Are the NHL & NHLPA Really Prepared to Lose the Whole Season?

Bruce Bennett - Getty Images

With the NHL announcing the cancellation of the preseason, it's time for fans to have a conversation about the possibility of a season-long lockout.

As we enter the second week of the NHL lockout, I figure now is a good time to express some of the feelings and emotions that I am sure a lot of us hockey enthusiasts have gone through these past few days.

Let me start by saying how disappointed I am in both the NHL and NHLPA. This lockout, unlike any of the others in recent memory, seems to be the most pointless and harmful one of them all. In this particular case, I can't even pick one side over the other. Back in 2004-2005, I fully supported the NHL and ownership as the game needed to undergo significant changes if smaller market teams were going to compete with the big boys. The NHL also needed a salary cap to increase parity in the league. Since the lockout of ‘04-05, no team has been crowned Stanley Cup Champs two years in a row. Every year we are looking at tight playoff races coming down the stretch, and I think everyone, including teams that were dynasties in the 90's, can agree that hockey has become more exciting these past few years.

The success and growth of the game is evident if you look at the league revenues, TV broadcasts, and attendance numbers. The game has expanded. Times have never been better.

This leads to the question: why are the players and owners willing to throw it all away?

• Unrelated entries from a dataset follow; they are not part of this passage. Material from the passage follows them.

(* Let $N\ge1$, $T>0$, $M>0$, and let $\alpha\in\mathcal U_M$ be an optimal control for the problem of minimizing $\mathbb V(T)=\frac1N\sum_{i=1}^N\xi_i(T)^2$ over $\mathcal U_M$, where $\xi$ solves $\dot\xi_i=-\xi_i+(1-\alpha_i)\bar\xi$, $\bar\xi=\frac1N\sum_j\xi_j$, from a fixed initial datum $\xi(0)$ with $\bar\xi(0)>0$ and $\xi_1(0)\ge\dots\ge\xi_N(0)$. Let $\lambda=(\lambda_1,\dots,\lambda_N)$ be a covector associated with $\alpha$ by the Pontryagin maximum principle, i.e. $\dot\lambda_i=\frac1N\sum_{j}\alpha_j\lambda_j-\bar\lambda+\lambda_i$ with $\bar\lambda=\frac1N\sum_j\lambda_j$, $\lambda_i(T)=\frac2N\xi_i(T)$, and for almost every $t$, $\alpha(t)$ minimizes $a\mapsto -\bar\xi(t)\sum_i a_i\lambda_i(t)$ over $a\in[0,1]^N$ with $\sum_i a_i\le M$. Define $I_\lambda(t)=\{i:\lambda_i(t)\ge0\}$ and $I_\lambda^+(t)=\{i:\lambda_i(t)>0\}$. Then for almost every $t\in[0,T]$: if $I_\lambda(t)=\emptyset$, then $\alpha_i(t)=0$ for every $i$; if $I_\lambda^+(t)\neq\emptyset$, then there exists $i\in I_\lambda^+(t)$ with $\alpha_i(t)>0$, and $\sum_j\alpha_j(t)\ge\min(|I_\lambda^+(t)|,M)$.
   Context: $\mathcal U_M$ is the set of measurable $\alpha:[0,T]\to[0,1]^N$ with $\sum_i\alpha_i(t)\le M$ for all $t$. The variables $\xi_i$ are the projections of the agents' velocities on the direction of the mean velocity in a collective migration model with target velocity $0$. $|\cdot|$ is cardinality. *)

From HB Require Import structures.
From mathcomp Require Import all_boot all_order all_algebra.
From mathcomp Require Import all_classical all_reals all_analysis.
Set Implicit Arguments. Unset Strict Implicit. Unset Printing Implicit Defensive.
Import Order.TTheory GRing.Theory Num.Theory.
Import numFieldNormedType.Exports.
Local Open Scope classical_set_scope.
Local Open Scope ring_scope.

Section Defs.
Variable R : realType.
Variable N : nat.

Definition mean (f : 'I_N -> R) : R := (\sum_(i < N) f i) / N%:R.

Definition admissible (M T : R) (alpha : 'I_N -> R -> R) : Prop :=
  (forall i, measurable_fun (`[0, T]%classic) (alpha i)) /\
  (forall t, t \in `[0, T] ->
     (forall i, 0 <= alpha i t <= 1) /\ \sum_(i < N) alpha i t <= M).

(* xi is a (Caratheodory) solution on [0,T] of
   xi_i' = - xi_i + (1 - alpha_i) * mean xi, xi(0) = xi0. *)
Definition trajectory (T : R) (alpha : 'I_N -> R -> R) (xi0 : 'I_N -> R)
    (xi : 'I_N -> R -> R) : Prop :=
  forall i, {within `[0, T]%classic, continuous (xi i)} /\
   forall t, t \in `[0, T] ->
     xi i t = xi0 i + \int[(@lebesgue_measure R)]_(s in `[0, t]%classic)
                       (- xi i s + (1 - alpha i s) * mean (fun j => xi j s)).

Definition cost (T : R) (xi : 'I_N -> R -> R) : R :=
  mean (fun i => xi i T ^+ 2).

(* lambda solves lambda_i' = (1/N) sum_j alpha_j lambda_j - mean lambda + lambda_i
   on [0,T], with lambda_i(T) = (2/N) xi_i(T). *)
Definition covector (T : R) (alpha xi lam : 'I_N -> R -> R) : Prop :=
  forall i, {within `[0, T]%classic, continuous (lam i)} /\
   lam i T = 2 / N%:R * xi i T /\
   forall t, t \in `[0, T] ->
     lam i t = lam i T - \int[(@lebesgue_measure R)]_(s in `[t, T]%classic)
        (mean (fun j => alpha j s * lam j s) - mean (fun j => lam j s) + lam i s).

Definition Ilam (lam : 'I_N -> R -> R) (t : R) : {set 'I_N} :=
  [set i | 0 <= lam i t]%SET.
Definition Ilamp (lam : 'I_N -> R -> R) (t : R) : {set 'I_N} :=
  [set i | 0 < lam i t]%SET.

End Defs.

(* Along any admissible control the total velocity S = sum_i xi_i satisfies
   S' = - abar S with abar = (1/N) sum_i alpha_i in [0, 1], so S, and with it the
   mean velocity, stays positive on [0, T]; this is checked on successive
   intervals of length 1/2 by comparing S with its extrema there.  Dividing the
   maximum condition by - mean xi(t) < 0 shows that alpha(t) maximizes
   a |-> sum_i a_i lam_i(t) over {a in [0,1]^N | sum_i a_i <= M}, and the three
   conclusions are elementary properties of such a maximizer, obtained by moving
   mass onto or off a single coordinate. *)

From HB Require Import structures.
From mathcomp Require Import all_boot all_order all_algebra.
From mathcomp Require Import all_classical all_reals all_analysis.
From mathcomp Require Import ring lra.
Import Order.TTheory GRing.Theory Num.Theory.
Import numFieldNormedType.Exports.
Local Open Scope ring_scope.

Section capped_simplex_maximizer.
Context {R : realFieldType} {N : nat} {M : R} {al lam : 'I_N -> R}.
Hypotheses (al01 : forall i, 0 <= al i <= 1) (alM : \sum_(i < N) al i <= M).
Hypothesis al_max : forall a : 'I_N -> R, (forall i, 0 <= a i <= 1) ->
  \sum_(i < N) a i <= M -> \sum_(i < N) a i * lam i <= \sum_(i < N) al i * lam i.

Lemma maximizer_shift (i : 'I_N) (x : R) :
  0 <= al i + x <= 1 -> \sum_(j < N) al j + x <= M -> x * lam i <= 0.
Proof.
move=> alx01 alxM.
pose a j := al j + (if j == i then x else 0).
have delta (g : 'I_N -> R) : \sum_(j < N) (if j == i then g j else 0) = g i.
  by rewrite -big_mkcond big_pred1_eq.
have sum_shift (f : 'I_N -> R) :
    \sum_(j < N) a j * f j = \sum_(j < N) al j * f j + x * f i.
  rewrite -(delta (fun j => x * f j)) -big_split /=.
  by apply: eq_bigr => j _; rewrite /a mulrDl; case: eqP => [->|_]; rewrite ?mul0r.
have sum_a : \sum_(j < N) a j = \sum_(j < N) al j + x.
  by rewrite big_split /= (delta (fun=> x)).
have := al_max a; rewrite sum_shift sum_a gerDl; apply=> // j.
by rewrite /a; case: eqP => [->//|_]; rewrite addr0.
Qed.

I can't answer it. From where I sit, both sides are acting like spoiled children crying out to their mommies (being the fans, the ones who pay for everything) for a feeding. Nothing has been more insulting over the past few days than watching players and the NHL pandering to fans with slogans along the lines of "We stand united to do what is best for the game and our fans." Sorry, both sides can't be knights in shining armor, because it's their uncompromising ways that have lead to a work stoppage.

In order to better understand what the differences are between the league and the players, I am going to briefly explain the differences between their plans and what it would mean for the NHL. I warn you, this is a very simplified version for everyone to understand, so if you want a more in-depth review try one of Dirk's articles on the legal aspects of the negotiations.

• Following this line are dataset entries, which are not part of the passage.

Theorem proposition2 (K : nat) (thTs thCs : nat -> R) :
  (1 <= K)%nat ->
  (forall t, (1 <= t <= K)%nat -> 0 < pmf K thTs t) ->
  (forall t, (1 <= t <= K)%nat -> 0 < pmf K thCs t) ->
  stationary K thTs thCs thTs thCs /\
  (forall thT thC : nat -> R,
     valid K thT -> valid K thC ->
     stationary K thTs thCs thT thC ->
     forall t, (1 <= t <= K - 1)%nat -> thT t = thTs t /\ thC t = thCs t).
Proof.
  intros HK HpT HpC. split; [apply truth_stationary; assumption|].
  intros thT thC validT validC Hstat t Ht.
  assert (Hcdf : forall s, (s <= K - 1)%nat ->
            cdf K thT s = cdf K thTs s /\ cdf K thC s = cdf K thCs s)
    by (intros; eapply stationary_cdf_eq; eassumption).
  destruct (Hcdf t) as [HT HC]; [lia|].
  destruct (Hcdf (t - 1)%nat) as [HT' HC']; [lia|].
  rewrite (coord_as_cdf_diff K thT t), (coord_as_cdf_diff K thTs t),
    (coord_as_cdf_diff K thC t), (coord_as_cdf_diff K thCs t) by lia.
  rewrite HT, HT', HC, HC'. split; reflexivity.
Qed.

The NHL wants greater control over the players. They want longer ELCs (Entry Level Contracts) so that young players are less likely to leave the franchise that drafted them. They want to rollback the salary cap in order to curb player salaries, which could potentially force players to take a percentage cut to their salaries. In case you missed it, recently Capitals forward Alex Ovechkin warned the league he may stay in the KHL if the NHL cuts salaries, because he feels like he signed a contract and the NHL should honor it. Another thing that the league wants is for the owners to have a much larger piece of the revenue sharing, expanding it from its current 43 percent to just over 52 percent. This is actually the part I agree with. Owners are responsible for pretty much all the costs of running a team, and most markets typically don't have a large amount of profit. Think about how many people owners employ: Players, coaches, trainers, maintenance crews, concession workers, front office personal, media relations, and the list goes on.

The NHL's plan also calls for a gradual of reduction of revenue percentages being paid to players. I actually really like this idea, although the NHL's proposed numbers are very off. I think a plan that rolls players' shares back makes sense. Give the players 53% this year, 50% the next year, and 47% the third and final year. I think this would make both parties happy if the players got increased revenue sharing between teams. You can't drop the player shares from 57% to a paltry 43% in one year.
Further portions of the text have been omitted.